> WORK TO BE COMPLETED
Retype, word for word, each line between the lines holding "then [seq x" and "by rewrite unmarked_pred.", inclusive, and leave the rest of the data alone.

> EXTRACTED MATERIAL

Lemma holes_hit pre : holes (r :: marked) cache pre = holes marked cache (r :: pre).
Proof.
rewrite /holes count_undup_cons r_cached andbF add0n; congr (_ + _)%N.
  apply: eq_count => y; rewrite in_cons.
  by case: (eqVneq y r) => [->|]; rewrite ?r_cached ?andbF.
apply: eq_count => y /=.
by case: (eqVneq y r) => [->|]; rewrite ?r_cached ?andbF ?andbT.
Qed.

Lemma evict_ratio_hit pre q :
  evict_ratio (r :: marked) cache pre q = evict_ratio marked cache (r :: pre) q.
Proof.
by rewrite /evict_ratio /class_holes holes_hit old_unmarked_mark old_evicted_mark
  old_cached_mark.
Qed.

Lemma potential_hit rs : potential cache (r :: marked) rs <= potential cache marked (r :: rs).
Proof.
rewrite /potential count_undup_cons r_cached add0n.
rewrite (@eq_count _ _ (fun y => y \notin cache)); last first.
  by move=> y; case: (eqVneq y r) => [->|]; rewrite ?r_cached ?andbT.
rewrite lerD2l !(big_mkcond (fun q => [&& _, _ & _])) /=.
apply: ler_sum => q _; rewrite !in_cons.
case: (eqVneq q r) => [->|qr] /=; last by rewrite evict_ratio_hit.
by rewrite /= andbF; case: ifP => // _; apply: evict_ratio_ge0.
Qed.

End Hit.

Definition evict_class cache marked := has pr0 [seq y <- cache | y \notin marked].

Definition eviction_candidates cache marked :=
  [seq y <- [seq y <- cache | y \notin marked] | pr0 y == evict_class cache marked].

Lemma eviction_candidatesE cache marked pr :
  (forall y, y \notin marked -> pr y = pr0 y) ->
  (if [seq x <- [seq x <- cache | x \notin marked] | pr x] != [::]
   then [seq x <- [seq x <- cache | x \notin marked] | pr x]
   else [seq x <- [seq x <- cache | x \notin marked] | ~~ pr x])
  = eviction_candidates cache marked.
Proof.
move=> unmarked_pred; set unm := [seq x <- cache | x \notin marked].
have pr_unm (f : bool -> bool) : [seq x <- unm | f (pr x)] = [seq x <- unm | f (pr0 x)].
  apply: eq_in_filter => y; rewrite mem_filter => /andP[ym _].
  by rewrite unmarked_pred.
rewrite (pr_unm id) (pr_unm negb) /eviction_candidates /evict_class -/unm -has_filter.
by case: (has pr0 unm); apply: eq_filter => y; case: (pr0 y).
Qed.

==

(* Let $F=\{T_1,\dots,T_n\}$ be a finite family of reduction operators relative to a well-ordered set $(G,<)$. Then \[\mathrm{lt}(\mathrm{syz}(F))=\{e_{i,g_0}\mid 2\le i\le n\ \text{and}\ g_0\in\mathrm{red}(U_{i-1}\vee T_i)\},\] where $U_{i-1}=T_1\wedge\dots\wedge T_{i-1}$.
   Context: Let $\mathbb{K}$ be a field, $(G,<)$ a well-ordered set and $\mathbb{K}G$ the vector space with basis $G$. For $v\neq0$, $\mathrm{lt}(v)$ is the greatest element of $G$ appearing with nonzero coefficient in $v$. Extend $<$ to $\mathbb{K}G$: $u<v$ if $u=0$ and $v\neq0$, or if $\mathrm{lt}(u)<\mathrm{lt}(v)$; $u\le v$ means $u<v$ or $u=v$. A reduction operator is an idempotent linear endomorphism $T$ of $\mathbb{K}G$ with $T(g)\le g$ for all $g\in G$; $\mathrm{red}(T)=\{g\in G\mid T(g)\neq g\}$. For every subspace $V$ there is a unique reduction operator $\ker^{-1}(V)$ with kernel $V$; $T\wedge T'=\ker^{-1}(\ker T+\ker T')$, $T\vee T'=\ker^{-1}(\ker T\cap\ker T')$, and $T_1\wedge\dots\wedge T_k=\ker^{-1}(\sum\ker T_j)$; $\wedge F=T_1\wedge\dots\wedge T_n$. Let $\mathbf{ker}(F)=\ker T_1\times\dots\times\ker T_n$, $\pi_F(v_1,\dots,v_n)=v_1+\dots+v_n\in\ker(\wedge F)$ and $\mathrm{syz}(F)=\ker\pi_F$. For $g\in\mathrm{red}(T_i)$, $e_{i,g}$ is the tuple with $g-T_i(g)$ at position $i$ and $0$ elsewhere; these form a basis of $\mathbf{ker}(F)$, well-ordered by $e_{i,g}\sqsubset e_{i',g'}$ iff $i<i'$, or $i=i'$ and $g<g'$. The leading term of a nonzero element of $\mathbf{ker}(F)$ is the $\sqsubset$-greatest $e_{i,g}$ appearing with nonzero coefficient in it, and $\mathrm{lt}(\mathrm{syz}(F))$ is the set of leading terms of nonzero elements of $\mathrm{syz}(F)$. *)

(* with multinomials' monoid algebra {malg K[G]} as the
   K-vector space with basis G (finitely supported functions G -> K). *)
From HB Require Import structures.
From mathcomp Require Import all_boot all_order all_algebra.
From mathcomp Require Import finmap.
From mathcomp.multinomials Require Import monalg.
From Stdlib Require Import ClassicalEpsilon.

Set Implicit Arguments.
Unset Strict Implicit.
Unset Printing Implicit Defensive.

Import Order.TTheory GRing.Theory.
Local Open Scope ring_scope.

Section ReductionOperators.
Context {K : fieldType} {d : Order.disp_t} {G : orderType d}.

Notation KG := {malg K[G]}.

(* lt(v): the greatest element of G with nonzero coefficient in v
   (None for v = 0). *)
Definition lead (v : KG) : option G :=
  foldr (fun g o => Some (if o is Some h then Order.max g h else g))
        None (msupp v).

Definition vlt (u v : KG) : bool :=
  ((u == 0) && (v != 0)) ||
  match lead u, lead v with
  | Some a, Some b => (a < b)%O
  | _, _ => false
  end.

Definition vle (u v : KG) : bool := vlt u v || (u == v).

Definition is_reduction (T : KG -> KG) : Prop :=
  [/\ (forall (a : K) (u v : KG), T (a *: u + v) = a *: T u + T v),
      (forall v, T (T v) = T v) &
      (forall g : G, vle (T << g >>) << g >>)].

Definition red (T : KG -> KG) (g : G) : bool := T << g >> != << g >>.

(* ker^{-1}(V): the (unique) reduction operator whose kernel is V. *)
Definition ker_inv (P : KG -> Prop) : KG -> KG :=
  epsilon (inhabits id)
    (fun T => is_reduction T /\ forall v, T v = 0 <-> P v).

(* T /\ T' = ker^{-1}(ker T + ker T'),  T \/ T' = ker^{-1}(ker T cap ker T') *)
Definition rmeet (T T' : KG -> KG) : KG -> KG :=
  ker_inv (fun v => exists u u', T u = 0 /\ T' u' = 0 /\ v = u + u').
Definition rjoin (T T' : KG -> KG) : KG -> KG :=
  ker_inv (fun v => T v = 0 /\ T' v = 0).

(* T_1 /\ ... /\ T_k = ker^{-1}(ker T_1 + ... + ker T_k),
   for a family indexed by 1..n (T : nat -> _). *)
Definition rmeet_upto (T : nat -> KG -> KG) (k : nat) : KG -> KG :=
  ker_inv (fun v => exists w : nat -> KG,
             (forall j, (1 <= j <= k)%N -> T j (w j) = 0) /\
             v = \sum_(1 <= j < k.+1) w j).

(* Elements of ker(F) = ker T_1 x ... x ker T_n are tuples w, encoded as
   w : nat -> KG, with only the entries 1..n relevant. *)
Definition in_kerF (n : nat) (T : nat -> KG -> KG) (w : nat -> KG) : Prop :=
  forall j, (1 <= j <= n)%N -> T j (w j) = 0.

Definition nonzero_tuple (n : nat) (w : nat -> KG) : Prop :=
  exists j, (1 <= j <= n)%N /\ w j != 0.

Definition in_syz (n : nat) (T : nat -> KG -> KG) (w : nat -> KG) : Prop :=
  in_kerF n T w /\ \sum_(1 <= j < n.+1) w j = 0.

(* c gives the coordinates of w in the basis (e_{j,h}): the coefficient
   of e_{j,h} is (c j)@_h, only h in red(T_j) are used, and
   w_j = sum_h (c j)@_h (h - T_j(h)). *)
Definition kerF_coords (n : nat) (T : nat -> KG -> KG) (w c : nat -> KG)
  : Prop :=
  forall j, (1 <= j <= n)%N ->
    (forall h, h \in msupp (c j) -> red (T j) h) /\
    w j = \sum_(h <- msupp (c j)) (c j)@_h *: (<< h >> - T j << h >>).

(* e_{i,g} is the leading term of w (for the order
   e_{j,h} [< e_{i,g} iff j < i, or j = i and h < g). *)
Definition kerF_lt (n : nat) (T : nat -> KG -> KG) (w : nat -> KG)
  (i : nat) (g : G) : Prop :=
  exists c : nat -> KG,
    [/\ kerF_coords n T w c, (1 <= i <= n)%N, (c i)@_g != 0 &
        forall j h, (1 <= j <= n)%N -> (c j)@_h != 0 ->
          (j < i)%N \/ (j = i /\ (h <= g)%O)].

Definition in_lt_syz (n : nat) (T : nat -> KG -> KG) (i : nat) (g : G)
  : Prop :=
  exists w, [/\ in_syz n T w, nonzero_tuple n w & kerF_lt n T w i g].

> ANSWER SECTION
   then [seq x <- [seq x <- cache | x \notin marked] | pr x]
   else [seq x <- [seq x <- cache | x \notin marked] | ~~ pr x])
  = eviction_candidates cache marked.
Proof.
move=> unmarked_pred; set unm := [seq x <- cache | x \notin marked].
have pr_unm (f : bool -> bool) : [seq x <- unm | f (pr x)] = [seq x <- unm | f (pr0 x)].
  apply: eq_in_filter => y; rewrite mem_filter => /andP[ym _].
  by rewrite unmarked_pred.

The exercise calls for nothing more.